* [GIVEN INFORMATION]:
Lemma discrepancy_index_lower_bound m A f y q C eps delta g n :
  solves m A y f -> 0 < q < 1 -> 1 < C -> 0 < eps < 1 -> 0 < delta < 1 ->
  vnorm m (vsub g f) <= delta -> (1 <= n)%nat ->
  (forall k, (1 <= k)%nat -> (k < n)%nat -> ~ discrepancy_ok m A q C eps delta g k) ->
  Rpower delta eps ^ 2 <= (/ q + sqnorm m y / (2 * q * (C ^ 2 - 1))) * q ^ n.
Proof.
  intros Hy Hq HC Heps Hd Hg Hn Hmin.
  set (D := Rpower delta eps). set (Y := sqnorm m y).
  assert (HY : 0 <= Y) by apply sqnorm_nonneg.
  assert (HC2 : 0 < C ^ 2 - 1) by nra.
  assert (HD1 : D <= 1) by (apply Rpower_le_1; lra).
  assert (HdD : delta <= D) by (apply le_Rpower; lra).
  assert (HD0 : 0 < D) by apply Rpower_pos.
  destruct n as [|[|k]]; [lia| |].
  - assert (0 <= Y / (2 * q * (C ^ 2 - 1)) * q).
    { apply Rmult_le_pos; [apply Rle_mult_inv_pos; nra | lra]. }
    replace ((/ q + Y / (2 * q * (C ^ 2 - 1))) * q ^ 1)
      with (1 + Y / (2 * q * (C ^ 2 - 1)) * q) by (simpl; field; lra).
    nra.
  - pose proof (not_discrepancy_ok_lt m A f y q C eps delta g (S k) ltac:(lra) ltac:(lra)
                  Hy (Hmin (S k) ltac:(lia) ltac:(lia))) as Hlt.
    pose proof (vnorm_le_sq m (vsub g f) delta ltac:(lra) Hg).
    assert (Hqk : 0 < q ^ S k) by (apply pow_lt; lra).
    fold D Y in Hlt.
    apply (Rmult_le_reg_r (C ^ 2 - 1)); [exact HC2|].
    replace ((/ q + Y / (2 * q * (C ^ 2 - 1))) * q ^ S (S k) * (C ^ 2 - 1))
      with (q ^ S k * (C ^ 2 - 1) + q ^ S k * Y / 2) by (simpl; field; lra).
    nra.
Qed.

Lemma div_sqrt_le K a b c : 0 < a -> 0 <= b -> 0 <= c -> b ^ 2 <= K * a ->
  c * b / sqrt a <= sqrt K * c.
Proof.
  intros Ha Hb Hc H.
  assert (HK : 0 <= K).
  { destruct (Rle_lt_dec 0 K); [assumption|]. pose proof (pow2_ge_0 b). nra. }
  assert (Hsa : 0 < sqrt a) by (now apply sqrt_lt_R0).
  assert (Hb' : b <= sqrt K * sqrt a).
  { rewrite <- sqrt_mult, <- (sqrt_pow2 b) by lra. now apply sqrt_le_1_alt. }
  apply (Rmult_le_reg_r (sqrt a)); [exact Hsa|].
  unfold Rdiv. rewrite Rmult_assoc, Rinv_l by lra. nra.
Qed.

Lemma limit1_in_0_of_le_Rpower (h : R -> R) c p : 0 <= c -> 0 < p ->
  (forall d, 0 < d < 1 -> Rabs (h d) <= c * Rpower d p) ->
  limit1_in h (fun d => 0 < d < 1) 0 0.
Proof.
  intros Hc Hp Hh e He. simpl. unfold R_dist.
  set (t := e / (c + 1)).
  assert (Ht : 0 < t) by (apply Rdiv_lt_0_compat; lra).
  exists (Rpower t (/ p)). split; [apply Rpower_pos|].
  intros d [Hd Hdist]. rewrite Rminus_0_r in *. rewrite Rabs_pos_eq in Hdist by lra.
  assert (Hdp : Rpower d p < t).
  { replace t with (Rpower (Rpower t (/ p)) p).
    - apply Rlt_Rpower_l; lra.
    - rewrite Rpower_mult, Rinv_l, Rpower_1 by lra. reflexivity. }
  assert (c * t < e) by (unfold t; apply (Rmult_lt_reg_r (c + 1)); [lra|]; field_simplify; lra).
  pose proof (Hh d Hd). pose proof (Rpower_pos d p). nra.
Qed.

Theorem lemma3p5 (m : nat) (A : mat) (f y : vec)
  (hf : in_range m A f) (hy : min_norm_solution m A f y)
  (q C eps : R) (hq : 0 < q < 1) (hC : 1 < C) (heps : 0 < eps < 1)
  (fd : R -> vec)
  (hfd : forall delta, 0 < delta < 1 -> vnorm m (vsub (fd delta) f) <= delta)
  (nd : R -> nat)
  (hnd : forall delta, 0 < delta < 1 ->
     (1 <= nd delta)%nat /\
     discrepancy_ok m A q C eps delta (fd delta) (nd delta) /\
     (forall n, (1 <= n)%nat -> (n < nd delta)%nat ->
        ~ discrepancy_ok m A q C eps delta (fd delta) n)) :
  limit1_in (fun delta => delta / sqrt (q ^ nd delta)) (fun delta => 0 < delta < 1) 0 0.
Proof.
  set (K := / q + sqnorm m y / (2 * q * (C ^ 2 - 1))).
  apply (limit1_in_0_of_le_Rpower _ (sqrt K) (1 - eps)); [apply sqrt_pos | lra |].
  intros delta Hd.
  destruct (hnd delta Hd) as [Hn1 [_ Hmin]].
  pose proof (discrepancy_index_lower_bound m A f y q C eps delta (fd delta) (nd delta)
                (proj1 hy) hq hC heps Hd (hfd delta Hd) Hn1 Hmin) as Hlow.
  assert (Hqn : 0 < q ^ nd delta) by (apply pow_lt; lra).
  rewrite Rabs_pos_eq.
  - rewrite (Rpower_split delta eps) at 1 by lra.
    apply div_sqrt_le; [exact Hqn | apply Rlt_le, Rpower_pos .. | exact Hlow].
  - apply Rlt_le, Rdiv_lt_0_compat; [lra | now apply sqrt_lt_R0].
Qed.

* [WHAT IS NEEDED]: Only the lines from the one containing "destruct (hnd delta Hd) as [Hn1 [_ Hmin]]." through the final line of the records above should be printed, exactly as they stand.

* [ANSWER SPACE]:
  destruct (hnd delta Hd) as [Hn1 [_ Hmin]].
  pose proof (discrepancy_index_lower_bound m A f y q C eps delta (fd delta) (nd delta)
                (proj1 hy) hq hC heps Hd (hfd delta Hd) Hn1 Hmin) as Hlow.
  assert (Hqn : 0 < q ^ nd delta) by (apply pow_lt; lra).
  rewrite Rabs_pos_eq.
  - rewrite (Rpower_split delta eps) at 1 by lra.
    apply div_sqrt_le; [exact Hqn | apply Rlt_le, Rpower_pos .. | exact Hlow].
  - apply Rlt_le, Rdiv_lt_0_compat; [lra | now apply sqrt_lt_R0].
Qed.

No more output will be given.